■ WHAT YOU NEED TO DO: Below are records; reproduce exactly the lines from the one that has "leg a (b (branch (parent v))) (d (parent v)) = leg" through the one that has "rewrite -image_leaf_below big_imset", ends included, and nothing more.
(DATA SHOWN)
Lemma children_pendant u : pendant e u -> children u = set0.
Proof.
move=> hu; move: (hu); rewrite /pendant deg_nonroot ?pendant_neq_root //.
by rewrite eqSS cards_eq0 => /eqP.
Qed.

Lemma neighbours_pendant u : pendant e u -> [set y | e u y] = [set parent u].
Proof.
by move=> hu; rewrite neighbours_nonroot ?pendant_neq_root // children_pendant // setU0.
Qed.

Lemma children_parent v : 2 <= d v -> children (parent v) = [set v].
Proof.
move=> hv; have hp : parent v != m by rewrite -dist_gt0 dist_parent; lia.
have hvm : v != m by rewrite -dist_gt0; lia.
have hvc : v \in children (parent v).
  by case: (parent_spec hvm) => hvp _; rewrite inE e_sym hvp eqxx.
apply/eqP; rewrite eq_sym eqEcard sub1set hvc cards1 card_children_le1 //.
Qed.

Lemma neighbours_parent v : 2 <= d v ->
  [set y | e (parent v) y] = [set parent (parent v); v].
Proof.
move=> hv; rewrite neighbours_nonroot ?children_parent //.
by rewrite -dist_gt0 dist_parent; lia.
Qed.

Lemma deg_parent v : 2 <= d v -> deg e (parent v) = 2.
Proof.
move=> hv; rewrite deg_nonroot ?children_parent ?cards1 //.
by rewrite -dist_gt0 dist_parent; lia.
Qed.

Lemma inner_vertex_parent j : j != m -> ~~ pendant e j -> exists2 w, 2 <= d w & j = parent w.
Proof.
move=> hj; rewrite /pendant deg_nonroot // eqSS cards_eq0 => /set0Pn[w hw].
by case/childrenP: hw => _ hp _ hd; exists w; rewrite // hd ltnS dist_gt0.
Qed.

Variable R : realFieldType.
Local Open Scope ring_scope.

Lemma row_mulmx_laplacian (x : 'rV[R]_n) j :
  (x *m laplacian R e) 0 j = x 0 j *+ deg e j - \sum_(i in [set y | e j y]) x 0 i.
Proof.
rewrite !mxE; under eq_bigr => i _ do rewrite /laplacian !mxE mulrBr.
rewrite sumrB (bigD1 j) //= eqxx mulr_natr big1 ?addr0; last first.
  by move=> i /negbTE ->; rewrite mulr0.
congr (_ - _); rewrite [RHS]big_mkcond /=; apply: eq_bigr => i _; rewrite inE e_sym.
by case: (e j i); rewrite ?mulr1 ?mulr0.
Qed.

Lemma eigen_root (x : 'rV[R]_n) :
  (x *m laplacian R e) 0 m = x 0 m <-> x 0 m *+ 2 = \sum_(c in children m) x 0 c.
Proof.
rewrite row_mulmx_laplacian deg_root card_children_root neighbours_root.
by split=> h; lra.
Qed.

Lemma eigen_pendant (x : 'rV[R]_n) u : pendant e u ->
  ((x *m laplacian R e) 0 u = x 0 u <-> x 0 (parent u) = 0).
Proof.
move=> hu; rewrite row_mulmx_laplacian neighbours_pendant // big_set1 (eqP hu).
by split=> h; lra.
Qed.

Lemma eigen_parent (x : 'rV[R]_n) v : (2 <= d v)%N ->
  ((x *m laplacian R e) 0 (parent v) = x 0 (parent v) <->
   x 0 v = x 0 (parent v) - x 0 (parent (parent v))).
Proof.
move=> hv; rewrite row_mulmx_laplacian deg_parent // neighbours_parent //.
rewrite big_setU1 ?big_set1 /=; first by split=> h; lra.
by rewrite inE; apply/eqP => /(congr1 (fun y => d y)); rewrite !dist_parent; lia.
Qed.

Lemma leg_branch_parent a (b : 'I_n -> R) v : (0 < d v)%N ->
  leg a (b (branch (parent v))) (d (parent v)) = leg a (b (branch v)) (d v).-1.
Proof.
move=> hv; case: (ltnP 1 (d v)) => h; first by rewrite branch_parent // dist_parent.
have /eqP -> : parent v == m by rewrite -dist_eq0 dist_parent; lia.
by rewrite dist_root (_ : (d v).-1 = 0%N) //; lia.
Qed.

Lemma leg_recurrence a (b : 'I_n -> R) v : (2 <= d v)%N ->
  leg a (b (branch v)) (d v) = leg a (b (branch (parent v))) (d (parent v))
                             - leg a (b (branch (parent (parent v)))) (d (parent (parent v))).
Proof.
move=> hv; rewrite (leg_branch_parent a b (v := parent v)); last by rewrite dist_parent; lia.
by rewrite branch_parent // dist_parent; case: (d v) hv => [|[|k]].
Qed.

Lemma eigenvector_leg (x : 'rV[R]_n) : x *m laplacian R e = x ->
  forall v, x 0 v = leg (x 0 m) (x 0 (branch v)) (d v).
Proof.
move=> hx; suff key k v : d v = k -> x 0 v = leg (x 0 m) (x 0 (branch v)) (d v).
  by move=> v; apply: key.
elim/ltn_ind: k v => k IH v hk.
have [hv1 | hv2] := leqP (d v) 1%N.
  case: (posnP (d v)) => h0.
    have /eqP -> : v == m by rewrite -dist_eq0 h0.
    by rewrite dist_root.
  have h1 : d v = 1%N by lia.
  by rewrite /branch -[X in ancestor v X]h1 ancestor_dist h1.
rewrite ((eigen_parent x hv2).1 _) ?hx // leg_recurrence //.
by rewrite (IH _ _ (parent v) erefl) ?(IH _ _ (parent (parent v)) erefl) ?dist_parent //; lia.
Qed.

Lemma sum_pendant_branch (f : 'I_n -> R) :
  \sum_(u | pendant e u) f (branch u) = \sum_(c in children m) f c.
Proof.
rewrite (eq_bigl (mem [set u | pendant e u])); last by move=> u; rewrite !inE.
rewrite -image_leaf_below big_imset /=; last exact: leaf_below_inj_children_root.
by apply: eq_bigr => c hc; rewrite branch_leaf_below ?dist_children_root ?branch_children_root.
Qed.

Lemma eigenvector_leaf_conditions (x : 'rV[R]_n) : x *m laplacian R e = x -> x != 0 ->
  [/\ x 0 m != 0 \/ (exists2 u, pendant e u & x 0 (branch u) != 0),
      x 0 m *+ 2 = \sum_(u | pendant e u) x 0 (branch u) &
      forall u, pendant e u -> leaf_condition (d u %% 3)%N (x 0 m) (x 0 (branch u))].
Proof.
move=> hx hx0; have hleg := eigenvector_leg hx; split.
- case: (eqVneq (x 0 m) 0) => [ha|]; [right | by left].
  have /existsP[u /andP[hu hxu]] : [exists u, pendant e u && (x 0 (branch u) != 0)].
    apply: contraNT hx0 => /existsPn hno; apply/eqP/rowP => v; rewrite mxE hleg ha.
    case: (posnP (d v)) => [-> //|hv]; have hbv := branch_in_children hv.
    move: (hno (leaf_below (branch v))); rewrite leaf_below_pendant negbK.
    rewrite branch_leaf_below ?(dist_children_root hbv) // (branch_children_root hbv).
    by move=> /eqP ->; apply: leg_zero.
  by exists u.
- by rewrite sum_pendant_branch; apply/eigen_root; rewrite hx.
move=> u hu; have hdu : (0 < d u)%N by rewrite dist_gt0 pendant_neq_root.
apply/leg_pred_eq0 => //; rewrite -(leg_branch_parent _ (x 0)) // -hleg.
by apply/(eigen_pendant x hu); rewrite hx.
Qed.

Lemma leaf_conditions_eigenvalue a (b : 'I_n -> R) :
  a != 0 \/ (exists2 u, pendant e u & b u != 0) ->
  a *+ 2 = \sum_(u | pendant e u) b u ->
  (forall u, pendant e u -> leaf_condition (d u %% 3)%N a (b u)) ->
  eigenvalue (laplacian R e) 1.
Proof.
move=> hnz hsum hcond; pose b' c := b (leaf_below c).
pose x := \row_j leg a (b' (branch j)) (d j) : 'rV[R]_n.
have hx j : x 0 j = leg a (b' (branch j)) (d j) by rewrite mxE.
have hxm : x 0 m = a by rewrite hx dist_root.
have hxb u : pendant e u -> x 0 (branch u) = b u.
  move=> hu; have [hbu hlb] := pendant_branch hu.
  by rewrite hx branch_children_root // /b' hlb dist_children_root.
apply/eigenvalueP; exists x; last first.
  case: hnz => [ha | [u hu hbu]]; [apply: contraNneq ha | apply: contraNneq hbu] => hx0.
    by rewrite -hxm hx0 mxE.
  by rewrite -hxb // hx0 mxE.
rewrite scale1r; apply/rowP => j; have [-> | hj] := eqVneq j m.
  apply/eigen_root; rewrite hxm hsum -sum_pendant_branch.
  by apply: eq_bigr => u hu; rewrite hxb.
have [hp | hnp] := boolP (pendant e j).
  have hdj : (0 < d j)%N by rewrite dist_gt0.
  apply/(eigen_pendant x hp); rewrite hx leg_branch_parent // /b' (pendant_branch hp).2.
  exact/leg_pred_eq0/hcond.
case: (inner_vertex_parent hj hnp) => w hw ->.
by apply/(eigen_parent x hw); rewrite !hx; apply: leg_recurrence.
Qed.

Lemma eigenvalue1_leaf_conditions : eigenvalue (laplacian R e) 1 <->
  exists a (b : 'I_n -> R), [/\ a != 0 \/ (exists2 u, pendant e u & b u != 0),
    a *+ 2 = \sum_(u | pendant e u) b u &
    forall u, pendant e u -> leaf_condition (d u %% 3)%N a (b u)].
Proof.
split=> [/eigenvalueP[x] | [a [b [hnz hsum hcond]]]].
  rewrite scale1r => hx hx0; exists (x 0 m), (fun u => x 0 (branch u)).
  exact: eigenvector_leaf_conditions.
exact: leaf_conditions_eigenvalue hsum hcond.
Qed.

End ThreePendants.

End RootedTree.

Section ThreeLeaves.
Local Open Scope ring_scope.

Lemma mem3_card (T : finType) (P : pred T) u1 u2 u3 : #|P| = 3%N ->
  [&& u1 != u2, u1 != u3 & u2 != u3] -> [&& P u1, P u2 & P u3] ->
  forall u, P u = (u \in [:: u1; u2; u3]).
Proof.
move=> hP hne /and3P[h1 h2 h3].
have hu : uniq [:: u1; u2; u3] by rewrite /= !inE !negb_or andbT -andbA.
have hc : #|[:: u1; u2; u3]| = #|P| by rewrite hP (card_uniqP hu).
have /(subset_cardP hc) heq : [:: u1; u2; u3] \subset P.
  by apply/subsetP => u; rewrite !inE => /or3P[] /eqP->.
by move=> u; rewrite heq.
Qed.

Lemma enum_card3 (T : finType) (P : pred T) : #|P| = 3%N ->
  exists u1 u2 u3,
    [&& u1 != u2, u1 != u3 & u2 != u3] /\ forall u, P u = (u \in [:: u1; u2; u3]).
Proof.
rewrite cardE; have := enum_uniq P; have := mem_enum P.
case: (enum P) => [|u1 [|u2 [|u3 [|]]]] // hmem hu _.
exists u1, u2, u3; split; last by move=> u; rewrite hmem.
by move: hu; rewrite /= !inE !negb_or andbT -andbA.
Qed.

Lemma sum_mem3 (V : nmodType) (T : finType) (P : pred T) (F : T -> V) u1 u2 u3 :
  [&& u1 != u2, u1 != u3 & u2 != u3] -> (forall u, P u = (u \in [:: u1; u2; u3])) ->
  \sum_(u | P u) F u = F u1 + F u2 + F u3.
Proof.
move=> hne hP; rewrite (eq_bigl (mem [:: u1; u2; u3])) => [|u]; last exact: hP.
by rewrite -big_uniq /= ?big_cons ?big_nil ?addr0 ?addrA // !inE !negb_or andbT -andbA.
Qed.

Variable R : realFieldType.

Lemma leaf_condition0 r : leaf_condition r (0 : R) 0.
Proof. by rewrite /leaf_condition !if_same. Qed.

Lemma sum_indicator (T : finType) (P : pred T) v : P v ->
  \sum_(u | P u) ((u == v)%:R : R) = 1.
Proof. by move=> hv; rewrite (bigD1 v) //= eqxx big1 ?addr0 // => u /andP[_ /negbTE->]. Qed.

Lemma leaf_residues (a b1 b2 b3 : R) (r1 r2 r3 : nat) :
  (r1 < 3)%N -> (r2 < 3)%N -> (r3 < 3)%N ->
  [\/ a != 0, b1 != 0, b2 != 0 | b3 != 0] -> a *+ 2 = b1 + b2 + b3 ->
  leaf_condition r1 a b1 -> leaf_condition r2 a b2 -> leaf_condition r3 a b3 ->
  [|| (r1 == 1) && (r2 == 1), (r1 == 1) && (r3 == 1) | (r2 == 1) && (r3 == 1)]%N ||
  [|| [&& r1 == 2, r2 == 0 & r3 == 0], [&& r2 == 2, r1 == 0 & r3 == 0]
    | [&& r3 == 2, r1 == 0 & r2 == 0]]%N.
Proof.
rewrite mulr2n; case: r1 => [|[|[|r1]]] // _; case: r2 => [|[|[|r2]]] // _;
  case: r3 => [|[|[|r3]]] // _ nz hs; rewrite /leaf_condition /= => c1 c2 c3 //;
  by case: nz => /eqP; lra.
Qed.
(End DATA SHOWN)
■ EXERCISE RESULT:
  leg a (b (branch (parent v))) (d (parent v)) = leg a (b (branch v)) (d v).-1.
Proof.
move=> hv; case: (ltnP 1 (d v)) => h; first by rewrite branch_parent // dist_parent.
have /eqP -> : parent v == m by rewrite -dist_eq0 dist_parent; lia.
by rewrite dist_root (_ : (d v).-1 = 0%N) //; lia.
Qed.

Lemma leg_recurrence a (b : 'I_n -> R) v : (2 <= d v)%N ->
  leg a (b (branch v)) (d v) = leg a (b (branch (parent v))) (d (parent v))
                             - leg a (b (branch (parent (parent v)))) (d (parent (parent v))).
Proof.
move=> hv; rewrite (leg_branch_parent a b (v := parent v)); last by rewrite dist_parent; lia.
by rewrite branch_parent // dist_parent; case: (d v) hv => [|[|k]].
Qed.

Lemma eigenvector_leg (x : 'rV[R]_n) : x *m laplacian R e = x ->
  forall v, x 0 v = leg (x 0 m) (x 0 (branch v)) (d v).
Proof.
move=> hx; suff key k v : d v = k -> x 0 v = leg (x 0 m) (x 0 (branch v)) (d v).
  by move=> v; apply: key.
elim/ltn_ind: k v => k IH v hk.
have [hv1 | hv2] := leqP (d v) 1%N.
  case: (posnP (d v)) => h0.
    have /eqP -> : v == m by rewrite -dist_eq0 h0.
    by rewrite dist_root.
  have h1 : d v = 1%N by lia.
  by rewrite /branch -[X in ancestor v X]h1 ancestor_dist h1.
rewrite ((eigen_parent x hv2).1 _) ?hx // leg_recurrence //.
by rewrite (IH _ _ (parent v) erefl) ?(IH _ _ (parent (parent v)) erefl) ?dist_parent //; lia.
Qed.

Lemma sum_pendant_branch (f : 'I_n -> R) :
  \sum_(u | pendant e u) f (branch u) = \sum_(c in children m) f c.
Proof.
rewrite (eq_bigl (mem [set u | pendant e u])); last by move=> u; rewrite !inE.
rewrite -image_leaf_below big_imset /=; last exact: leaf_below_inj_children_root.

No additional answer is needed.